WHAT IS EXPECTED:
Across the data below, how many lines have the word "Definition" in them? Give the number and nothing else.

Saved data entries:

# # # #

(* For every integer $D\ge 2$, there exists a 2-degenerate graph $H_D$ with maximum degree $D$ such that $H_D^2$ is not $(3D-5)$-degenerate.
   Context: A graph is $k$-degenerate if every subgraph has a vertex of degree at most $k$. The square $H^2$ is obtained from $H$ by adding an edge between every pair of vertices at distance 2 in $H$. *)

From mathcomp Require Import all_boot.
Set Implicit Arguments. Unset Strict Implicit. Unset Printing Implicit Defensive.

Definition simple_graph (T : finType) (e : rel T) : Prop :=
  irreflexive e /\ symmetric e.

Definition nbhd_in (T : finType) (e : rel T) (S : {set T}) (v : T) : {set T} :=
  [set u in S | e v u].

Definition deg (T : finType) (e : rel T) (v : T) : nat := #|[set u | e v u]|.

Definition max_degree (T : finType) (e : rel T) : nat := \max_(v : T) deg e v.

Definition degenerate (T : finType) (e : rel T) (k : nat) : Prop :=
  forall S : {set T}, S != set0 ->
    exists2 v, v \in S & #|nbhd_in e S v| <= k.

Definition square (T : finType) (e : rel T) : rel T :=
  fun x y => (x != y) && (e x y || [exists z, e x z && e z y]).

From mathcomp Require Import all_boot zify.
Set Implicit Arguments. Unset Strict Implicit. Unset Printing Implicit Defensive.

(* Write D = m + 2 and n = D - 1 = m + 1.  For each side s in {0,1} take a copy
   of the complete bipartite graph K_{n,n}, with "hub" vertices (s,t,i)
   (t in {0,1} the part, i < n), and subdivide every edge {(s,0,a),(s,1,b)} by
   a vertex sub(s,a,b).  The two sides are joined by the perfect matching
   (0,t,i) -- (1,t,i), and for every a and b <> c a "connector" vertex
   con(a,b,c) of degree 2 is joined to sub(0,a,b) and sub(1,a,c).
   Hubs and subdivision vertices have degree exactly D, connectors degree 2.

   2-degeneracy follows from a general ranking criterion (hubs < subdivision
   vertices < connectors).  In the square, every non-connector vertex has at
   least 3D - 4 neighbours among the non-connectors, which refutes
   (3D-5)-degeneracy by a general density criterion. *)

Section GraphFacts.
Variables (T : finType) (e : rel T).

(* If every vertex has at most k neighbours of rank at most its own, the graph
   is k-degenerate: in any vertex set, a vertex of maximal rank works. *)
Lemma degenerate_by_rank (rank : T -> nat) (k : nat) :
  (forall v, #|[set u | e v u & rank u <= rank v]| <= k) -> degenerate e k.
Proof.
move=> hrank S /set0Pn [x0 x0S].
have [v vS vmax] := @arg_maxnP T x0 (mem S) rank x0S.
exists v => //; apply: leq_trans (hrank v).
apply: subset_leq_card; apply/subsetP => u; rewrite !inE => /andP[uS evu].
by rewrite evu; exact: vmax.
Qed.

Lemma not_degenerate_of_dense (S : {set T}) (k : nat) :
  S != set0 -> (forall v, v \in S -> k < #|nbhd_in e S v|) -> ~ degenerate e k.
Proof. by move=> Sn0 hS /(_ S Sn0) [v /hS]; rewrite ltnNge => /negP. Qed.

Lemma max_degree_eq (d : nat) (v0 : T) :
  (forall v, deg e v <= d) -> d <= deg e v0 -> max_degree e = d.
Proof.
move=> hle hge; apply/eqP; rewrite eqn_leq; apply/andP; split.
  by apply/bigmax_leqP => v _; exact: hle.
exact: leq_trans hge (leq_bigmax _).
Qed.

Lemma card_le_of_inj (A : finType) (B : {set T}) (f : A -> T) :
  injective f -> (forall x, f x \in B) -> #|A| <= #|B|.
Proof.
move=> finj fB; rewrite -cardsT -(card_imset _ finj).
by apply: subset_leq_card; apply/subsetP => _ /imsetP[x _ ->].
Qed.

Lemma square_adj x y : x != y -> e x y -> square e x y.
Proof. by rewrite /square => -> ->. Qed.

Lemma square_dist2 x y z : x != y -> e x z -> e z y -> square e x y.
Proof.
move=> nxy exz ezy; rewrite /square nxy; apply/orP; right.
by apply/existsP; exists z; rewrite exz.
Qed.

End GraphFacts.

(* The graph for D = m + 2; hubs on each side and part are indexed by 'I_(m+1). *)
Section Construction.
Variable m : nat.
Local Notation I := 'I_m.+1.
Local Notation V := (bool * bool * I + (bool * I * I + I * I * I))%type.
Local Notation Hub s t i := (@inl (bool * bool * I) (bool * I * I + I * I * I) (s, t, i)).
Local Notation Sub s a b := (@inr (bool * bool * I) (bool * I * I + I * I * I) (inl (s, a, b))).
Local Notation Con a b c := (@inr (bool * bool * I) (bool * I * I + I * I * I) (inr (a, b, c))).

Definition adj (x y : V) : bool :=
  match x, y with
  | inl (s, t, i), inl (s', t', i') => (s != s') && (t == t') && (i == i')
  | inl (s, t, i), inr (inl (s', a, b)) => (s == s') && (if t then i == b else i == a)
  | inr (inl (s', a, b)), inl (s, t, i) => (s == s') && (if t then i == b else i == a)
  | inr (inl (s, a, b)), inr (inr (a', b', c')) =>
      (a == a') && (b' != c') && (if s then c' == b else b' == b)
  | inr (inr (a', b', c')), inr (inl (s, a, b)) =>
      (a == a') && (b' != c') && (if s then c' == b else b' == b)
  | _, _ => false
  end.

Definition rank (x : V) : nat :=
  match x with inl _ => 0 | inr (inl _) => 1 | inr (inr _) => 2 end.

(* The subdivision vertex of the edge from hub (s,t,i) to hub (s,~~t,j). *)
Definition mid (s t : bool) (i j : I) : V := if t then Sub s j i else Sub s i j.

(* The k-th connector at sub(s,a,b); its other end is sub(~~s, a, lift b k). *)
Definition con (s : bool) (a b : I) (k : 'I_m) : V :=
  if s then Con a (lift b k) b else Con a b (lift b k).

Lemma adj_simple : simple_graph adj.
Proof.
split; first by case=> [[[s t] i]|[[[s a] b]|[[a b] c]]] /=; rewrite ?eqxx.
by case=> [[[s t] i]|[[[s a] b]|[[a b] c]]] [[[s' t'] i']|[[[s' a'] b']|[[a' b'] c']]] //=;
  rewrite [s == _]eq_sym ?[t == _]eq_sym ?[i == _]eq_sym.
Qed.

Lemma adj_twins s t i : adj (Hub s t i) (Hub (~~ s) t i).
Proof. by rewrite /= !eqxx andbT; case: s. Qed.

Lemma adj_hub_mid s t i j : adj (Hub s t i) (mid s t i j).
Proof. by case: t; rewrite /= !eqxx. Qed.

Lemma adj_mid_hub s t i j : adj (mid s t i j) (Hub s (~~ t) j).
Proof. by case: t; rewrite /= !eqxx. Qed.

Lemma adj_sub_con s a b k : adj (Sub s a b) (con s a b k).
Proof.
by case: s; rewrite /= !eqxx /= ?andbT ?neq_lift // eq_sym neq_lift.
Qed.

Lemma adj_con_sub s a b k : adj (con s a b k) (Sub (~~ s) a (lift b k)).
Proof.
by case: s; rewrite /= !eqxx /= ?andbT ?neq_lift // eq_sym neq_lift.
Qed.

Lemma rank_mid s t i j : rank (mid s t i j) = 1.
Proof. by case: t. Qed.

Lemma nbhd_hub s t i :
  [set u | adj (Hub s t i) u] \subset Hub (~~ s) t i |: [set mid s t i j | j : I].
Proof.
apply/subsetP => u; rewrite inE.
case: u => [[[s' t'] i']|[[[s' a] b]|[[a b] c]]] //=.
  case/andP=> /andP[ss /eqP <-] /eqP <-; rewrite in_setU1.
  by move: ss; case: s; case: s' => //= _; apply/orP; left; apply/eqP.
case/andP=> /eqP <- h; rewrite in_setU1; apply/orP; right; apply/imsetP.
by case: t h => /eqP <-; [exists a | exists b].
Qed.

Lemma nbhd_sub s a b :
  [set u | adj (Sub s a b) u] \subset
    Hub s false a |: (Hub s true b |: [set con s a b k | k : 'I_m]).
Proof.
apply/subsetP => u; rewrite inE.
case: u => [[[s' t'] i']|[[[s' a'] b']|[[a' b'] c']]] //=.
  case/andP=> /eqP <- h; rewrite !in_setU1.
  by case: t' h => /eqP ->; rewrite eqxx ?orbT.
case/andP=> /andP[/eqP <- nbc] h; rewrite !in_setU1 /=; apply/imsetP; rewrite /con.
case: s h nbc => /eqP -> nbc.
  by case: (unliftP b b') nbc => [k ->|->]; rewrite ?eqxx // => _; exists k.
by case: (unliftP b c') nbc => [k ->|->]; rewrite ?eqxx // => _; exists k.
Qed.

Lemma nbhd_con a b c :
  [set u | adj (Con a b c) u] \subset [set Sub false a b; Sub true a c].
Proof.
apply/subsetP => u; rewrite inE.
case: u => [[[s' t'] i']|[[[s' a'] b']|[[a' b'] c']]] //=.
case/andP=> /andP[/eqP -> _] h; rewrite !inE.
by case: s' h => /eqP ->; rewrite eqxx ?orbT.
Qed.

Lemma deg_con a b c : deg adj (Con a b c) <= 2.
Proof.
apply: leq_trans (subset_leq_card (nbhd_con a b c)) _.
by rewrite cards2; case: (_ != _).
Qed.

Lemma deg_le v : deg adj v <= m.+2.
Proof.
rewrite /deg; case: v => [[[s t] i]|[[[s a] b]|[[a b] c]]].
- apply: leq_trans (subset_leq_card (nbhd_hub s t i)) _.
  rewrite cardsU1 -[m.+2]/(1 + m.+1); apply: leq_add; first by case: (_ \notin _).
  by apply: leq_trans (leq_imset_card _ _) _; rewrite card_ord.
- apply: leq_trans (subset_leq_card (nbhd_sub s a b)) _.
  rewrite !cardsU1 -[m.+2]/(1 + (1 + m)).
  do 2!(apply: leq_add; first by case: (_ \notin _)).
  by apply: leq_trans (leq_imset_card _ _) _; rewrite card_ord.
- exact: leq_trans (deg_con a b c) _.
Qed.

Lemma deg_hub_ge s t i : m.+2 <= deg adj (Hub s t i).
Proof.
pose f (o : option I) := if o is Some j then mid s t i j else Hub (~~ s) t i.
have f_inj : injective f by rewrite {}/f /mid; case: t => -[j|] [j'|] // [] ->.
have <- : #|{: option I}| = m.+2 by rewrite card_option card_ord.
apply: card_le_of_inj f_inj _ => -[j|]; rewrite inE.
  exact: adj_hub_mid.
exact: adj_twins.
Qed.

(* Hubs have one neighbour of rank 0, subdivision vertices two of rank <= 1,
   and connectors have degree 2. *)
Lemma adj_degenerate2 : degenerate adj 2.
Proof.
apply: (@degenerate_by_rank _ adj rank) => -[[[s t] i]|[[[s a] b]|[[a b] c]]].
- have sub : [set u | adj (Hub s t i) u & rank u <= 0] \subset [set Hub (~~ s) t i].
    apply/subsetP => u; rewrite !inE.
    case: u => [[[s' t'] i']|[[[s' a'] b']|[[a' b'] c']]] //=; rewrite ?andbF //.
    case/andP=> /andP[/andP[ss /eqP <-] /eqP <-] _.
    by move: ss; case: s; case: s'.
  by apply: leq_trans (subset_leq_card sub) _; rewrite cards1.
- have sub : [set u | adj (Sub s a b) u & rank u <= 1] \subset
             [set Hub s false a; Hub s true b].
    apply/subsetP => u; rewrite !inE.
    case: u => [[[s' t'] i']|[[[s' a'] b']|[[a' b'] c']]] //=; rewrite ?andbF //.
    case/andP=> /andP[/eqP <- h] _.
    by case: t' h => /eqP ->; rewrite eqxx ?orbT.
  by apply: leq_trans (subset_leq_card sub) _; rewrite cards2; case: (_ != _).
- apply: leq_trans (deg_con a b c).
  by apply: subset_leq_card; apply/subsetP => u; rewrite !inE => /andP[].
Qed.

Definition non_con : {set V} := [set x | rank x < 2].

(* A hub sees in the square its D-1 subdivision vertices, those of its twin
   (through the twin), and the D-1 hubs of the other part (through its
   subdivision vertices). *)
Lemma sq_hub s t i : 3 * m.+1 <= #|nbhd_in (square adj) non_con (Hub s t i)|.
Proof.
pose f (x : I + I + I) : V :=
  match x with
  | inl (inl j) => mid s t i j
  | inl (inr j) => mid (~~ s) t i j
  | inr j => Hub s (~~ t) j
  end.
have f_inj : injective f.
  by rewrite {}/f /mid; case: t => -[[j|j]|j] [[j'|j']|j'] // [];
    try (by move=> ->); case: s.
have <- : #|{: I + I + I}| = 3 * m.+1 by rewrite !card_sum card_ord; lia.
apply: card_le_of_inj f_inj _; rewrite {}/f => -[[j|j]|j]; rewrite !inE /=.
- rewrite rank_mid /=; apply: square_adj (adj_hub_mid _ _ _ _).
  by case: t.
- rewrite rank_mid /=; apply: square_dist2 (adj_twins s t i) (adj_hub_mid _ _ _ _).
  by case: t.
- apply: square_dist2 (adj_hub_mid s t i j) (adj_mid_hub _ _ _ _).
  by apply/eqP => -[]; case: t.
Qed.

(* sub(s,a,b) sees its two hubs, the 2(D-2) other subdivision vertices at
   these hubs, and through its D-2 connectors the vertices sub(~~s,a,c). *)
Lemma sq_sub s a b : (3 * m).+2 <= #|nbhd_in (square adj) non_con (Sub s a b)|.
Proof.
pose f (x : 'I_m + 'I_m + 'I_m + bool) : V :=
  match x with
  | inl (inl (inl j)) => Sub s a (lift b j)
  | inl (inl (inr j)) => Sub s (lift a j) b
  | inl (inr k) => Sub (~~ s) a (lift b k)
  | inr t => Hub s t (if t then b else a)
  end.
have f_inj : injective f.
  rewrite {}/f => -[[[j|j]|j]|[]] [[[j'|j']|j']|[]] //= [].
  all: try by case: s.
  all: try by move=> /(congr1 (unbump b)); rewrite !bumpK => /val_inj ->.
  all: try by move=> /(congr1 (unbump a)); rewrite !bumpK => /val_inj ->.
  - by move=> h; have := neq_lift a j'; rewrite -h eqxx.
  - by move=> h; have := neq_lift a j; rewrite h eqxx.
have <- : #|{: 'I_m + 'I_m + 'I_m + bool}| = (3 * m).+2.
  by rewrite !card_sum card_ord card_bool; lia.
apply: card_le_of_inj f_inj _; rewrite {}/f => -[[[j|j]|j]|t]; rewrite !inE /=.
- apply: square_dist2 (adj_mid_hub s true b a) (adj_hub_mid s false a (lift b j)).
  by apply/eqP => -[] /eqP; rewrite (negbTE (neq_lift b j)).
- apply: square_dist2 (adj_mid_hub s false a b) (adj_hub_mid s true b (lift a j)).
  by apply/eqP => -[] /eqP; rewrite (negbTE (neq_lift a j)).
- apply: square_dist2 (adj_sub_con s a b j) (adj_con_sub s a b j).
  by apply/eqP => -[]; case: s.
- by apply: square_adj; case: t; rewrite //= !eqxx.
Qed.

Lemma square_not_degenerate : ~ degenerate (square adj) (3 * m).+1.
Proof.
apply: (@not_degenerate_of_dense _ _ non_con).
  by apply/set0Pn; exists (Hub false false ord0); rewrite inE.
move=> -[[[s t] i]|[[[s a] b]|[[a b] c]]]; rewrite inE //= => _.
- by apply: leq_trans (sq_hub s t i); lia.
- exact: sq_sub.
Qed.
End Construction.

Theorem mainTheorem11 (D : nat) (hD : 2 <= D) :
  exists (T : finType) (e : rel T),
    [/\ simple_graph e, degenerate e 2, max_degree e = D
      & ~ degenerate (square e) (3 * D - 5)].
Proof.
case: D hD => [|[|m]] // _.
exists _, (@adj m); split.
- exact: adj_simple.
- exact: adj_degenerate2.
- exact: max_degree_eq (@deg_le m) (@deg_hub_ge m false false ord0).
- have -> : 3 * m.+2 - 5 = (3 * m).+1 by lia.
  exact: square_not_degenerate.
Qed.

# # # #

ANSWER FOR THE TASK:
11